The question whether speed in and of itself constituted actionable negligence has been discussed in many decisions. Our statute provides that no person shall drive a vehicle upon a highway at a speed greater than is reasonable and prudent under the conditions then existing (G. S. 1941 Supp. 8-532). Appellant directs our attention to and quotes at length from Clark v. Southwestern Greyhound Lines, 148 Kan. 155, 79 P. 2d 906, wherein it was held that speed of a bus was not the proximate cause of an accident. The rule as stated in that case is:

“The mere violation, of a statute regulating speed is not in itself sufficient to make the operator of a motor vehicle guilty of actionable negligence in a collision of automobiles; to make him liable it must appear that the speed contributed to the collision and was the proximate cause of the injuries sustained. (Citing cases.)” (1. c. 159.)

And on the same point see Dick’s Transfer Co. v. Miller, supra. The jury found the speed did contribute to the accident, and appellant filed no motion to have it set aside. On the contrary, he filed a motion to have judgment in his favor non obstante veredicto, a concession on his part that the answer was supported by the evi*327dence. See Sams v. Commercial Standard Ins. Co., ante, p. 278, 139 P. 2d 859 (this day decided), and cases cited therein. And the record discloses evidence that speed was a proximate cause of the accident. Briefly the evidence was that defendant, driving fifty miles an hour, saw the cumbersome equipment driven by plaintiff come to a stop on the highway, and that although he saw or could have seen plaintiff, he did not decrease his speed, but continued it until the accident. It was inferable from the testimony that had he reduced his speed and had his car under better control, he could have stopped before reaching the point of impact or he could have driven his car either to the south side of the pavement, or out on the shoulder to the south, and have avoided the accident.

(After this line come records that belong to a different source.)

(* Give a word [abc] of length 3 the weight [1 + [a = b] + [b = c] + [a = b = c]].
   All of [B_q^3] weighs [q (q + 1)^2], and the deletion ball of any 4-word weighs
   at least 4, plus 1 for every letter [a] of the word whose ball contains an odd
   number of sandwiches [a v a] (with [v <> a]).  As [q] is even, each letter has
   an odd number [q - 1] of sandwiches, so in a code with disjoint balls either
   some ball holds an odd number of them or one of them (of weight 1) is left
   uncovered; hence [4 |C| + q <= q (q + 1)^2].
   Conversely, reorder [B_q] so that the step order is the natural one, and call
   [2t] and [2t + 1] partners.  The words [aabb], together with six or eight words
   on the letters of each quadruple of the system, form a code whose balls all
   weigh 4 and cover every 3-word except the [q] sandwiches of a letter and its
   partner.  The step property makes two partners in a quadruple its two smallest
   or its two largest letters, and it is what lets every other sandwich [aba] be
   covered inside the quadruple through [a], [b] and the partner of the larger
   of the two. *)

Section Words.
Variable T : eqType.
Implicit Types (x z : seq T) (a : T).

Lemma del1_sub x k : {subset del1 x k <= x}.
Proof. by move=> u; rewrite /del1 mem_cat => /orP[/mem_take|/mem_drop]. Qed.

Lemma del_ball_sub x z : z \in del_ball x -> {subset z <= x}.
Proof. by case/mapP=> k _ ->; apply: del1_sub. Qed.

Lemma size_del_ball x z : z \in del_ball x -> size z = (size x).-1.
Proof.
case/mapP=> k; rewrite mem_iota add0n => /andP[_ hk] ->.
rewrite /del1 size_cat size_take size_drop hk; lia.
Qed.

Definition word_weight z : nat :=
  if z is [:: a; b; c] then 1 + (a == b) + (b == c) + ((a == b) && (b == c)) else 0.

Definition sandwich a z : bool :=
  if z is [:: u; v; w] then (u == a) && (w == a) && (v != a) else false.

Definition ball_weight x : nat := sumn (map word_weight (undup (del_ball x))).

Definition odd_sandwich_letters x : nat :=
  sumn [seq (odd (count (sandwich a) (undup (del_ball x))) : nat) | a <- undup x].

End Words.

Lemma del_ball_map (T U : eqType) (f : T -> U) (x : seq T) :
  del_ball (map f x) = map (map f) (del_ball x).
Proof.
rewrite /del_ball size_map -map_comp; apply: eq_map => k /=.
by rewrite /del1 map_cat map_take map_drop.
Qed.

Lemma del_ball_mapP (T U : eqType) (f : T -> U) p w :
  w \in del_ball (map f p) -> exists2 z, z \in del_ball p & w = map f z.
Proof. by rewrite del_ball_map => /mapP[z hz ->]; exists z. Qed.

Lemma mem_map_in (T U : eqType) (f : T -> U) (s : seq T) a :
  {in a :: s &, injective f} -> (f a \in map f s) = (a \in s).
Proof.
move=> inj; apply/mapP/idP => [[b bs /inj eq_ab]|]; last by move=> ?; exists a.
by rewrite eq_ab ?inE ?eqxx ?bs ?orbT.
Qed.

Lemma undup_map_in (T U : eqType) (f : T -> U) (s : seq T) :
  {in s &, injective f} -> undup (map f s) = map f (undup s).
Proof.
elim: s => //= a s IH inj.
rewrite mem_map_in // IH; first by case: (a \in s).
by move=> u v us vs; apply: inj; rewrite inE ?us ?vs orbT.
Qed.

Section InjectiveImage.
Variables (T U : eqType) (f : T -> U) (x : seq T).
Hypothesis f_inj : {in x &, injective f}.

Lemma undup_del_ball_map :
  undup (del_ball (map f x)) = map (map f) (undup (del_ball x)).
Proof.
rewrite del_ball_map undup_map_in // => z1 z2 h1 h2.
by apply: (inj_in_map f_inj); apply/allP; apply: del_ball_sub; [apply: h1|apply: h2].
Qed.

Lemma word_weight_map z : {subset z <= x} -> word_weight (map f z) = word_weight z.
Proof.
case: z => [|a [|b [|c [|d z]]]] //= sub.
by rewrite !(inj_in_eq f_inj) // sub // !inE eqxx ?orbT.
Qed.

Lemma sandwich_map a z : a \in x -> {subset z <= x} -> sandwich (f a) (map f z) = sandwich a z.
Proof.
case: z => [|u [|v [|w [|d z]]]] //= ax sub.
by rewrite !(inj_in_eq f_inj) // sub // !inE eqxx ?orbT.
Qed.

Lemma ball_weight_map : ball_weight (map f x) = ball_weight x.
Proof.
rewrite /ball_weight undup_del_ball_map -map_comp; congr sumn; apply/eq_in_map => z.
by rewrite mem_undup => /del_ball_sub /word_weight_map.
Qed.

Lemma odd_sandwich_letters_map : odd_sandwich_letters (map f x) = odd_sandwich_letters x.
Proof.
rewrite /odd_sandwich_letters undup_del_ball_map undup_map_in // -map_comp.
congr sumn; apply/eq_in_map => a; rewrite mem_undup => ax /=.
rewrite count_map; congr (nat_of_bool (odd _)); apply: eq_in_count => z.
by rewrite mem_undup => /del_ball_sub /(sandwich_map ax).
Qed.

End InjectiveImage.

Lemma ball_weight_ge_nat a b c d : a < 4 -> b < 4 -> c < 4 -> d < 4 ->
  4 + odd_sandwich_letters [:: a; b; c; d] <= ball_weight [:: a; b; c; d].
Proof.
by case: a => [|[|[|[|a]]]] //; case: b => [|[|[|[|b]]]] //;
   case: c => [|[|[|[|c]]]] //; case: d => [|[|[|[|d]]]].
Qed.

(* Replacing each letter by the position of its first occurrence is injective on
   the letters of [x], which reduces the bound to the finite check above. *)
Lemma ball_weight_ge (T : eqType) (x : seq T) :
  size x = 4 -> 4 + odd_sandwich_letters x <= ball_weight x.
Proof.
case: x => [|a [|b [|c [|d [|e x]]]]] // _.
set x := [:: a; b; c; d]; set p := map (index^~ x) x.
have xE : map (nth a x) p = x.
  by rewrite -map_comp; apply: map_id_in => u ux /=; rewrite nth_index.
have nth_inj : {in p &, injective (nth a x)}.
  by move=> i j /mapP[u ux ->] /mapP[v vx ->]; rewrite !nth_index // => ->.
rewrite -xE ball_weight_map // odd_sandwich_letters_map //.
by apply: ball_weight_ge_nat; rewrite index_mem !inE eqxx ?orbT.
Qed.

Section Triples.
Variable T : finType.
Local Notation triple := (T * T * T)%type.
Implicit Types (y : triple) (a b : T).

Definition trip y : seq T := [:: y.1.1; y.1.2; y.2].

Lemma sum_trip_eq (z : seq T) (G : seq T -> nat) : size z = 3 ->
  \sum_(y | trip y == z) G (trip y) = G z.
Proof.
case: z => [|a [|b [|c [|? ?]]]] // _; rewrite (big_pred1 (a, b, c)) // => -[[u v] w].
by rewrite /trip /= !eqseq_cons andbT !xpair_eqE andbA.
Qed.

And finally, we notice appellant’s contention that plaintiff was guilty of contributory negligence as a matter of law, and that his demurrer to plaintiff’s evidence should have been sustained. Heretofore a review has been made of that evidence. When we view it in the light of the rule laid down for testing sufficiency of evidence on demurrer (see Bessette v. Ernsting, 155 Kan. 540, syl. ¶ 3, 127 P. 2d 438, and Robinson v. Short, 148 Kan. 134, syl. ¶ 1, 79 P. 2d 903) we are not concerned with any evidence of contrary effect nor with the jury’s conclusions later made. Considered in every particular most favorable to plaintiff, the evidence disclosed that he descended from his machine at a time when defendant was six hundred feet away; that he walked close to his parked machine for a distance of thirty-five feet and while on his side of the highway was struck from the rear by the defendant who was then driving his car at a speed of fifty miles per hour; and that to the south of him one-half of a twenty-foot pavement was open for travel and to the south of the pavement was a four- or five-foot shoulder. Under the rule referred to, we cannot say that plaintiff was guilty of negligence as a matter of law.

We now consider plaintiff’s cross-appeal, based on his contention the trial court erred in not allowing him a new trial limited solely to the question of his damages. In its memorandum opinion the trial court stated the motion was denied on the authority of Friesen v. Western Grain Dealers Ins. Co., 119 Kan. 513, 240 Pac. 414, and Paul v. Western Distributing Co., 142 Kan. 816, 52 P. 2d 379, by reason of the fact the damage sustained by plaintiff was so intimately connected with the other questions in the case, the amount of damages sustained by plaintiff could not be separately tried and *328a just conclusion reached. After discussing other matters the trial court noted that neither party desired a new trial as to all issues. The trial court then expressed its satisfaction with the verdict and approved it and rendered judgment upon it. It would be a work; of supererogation to repeat the very complete analysis of our cases made in Paul v. Western Distributing Co., supra. We shall content ourselves by saying that case provides abundant authority to support the trial court’s ruling.

We find no error in the judgment of the trial court and it is affirmed.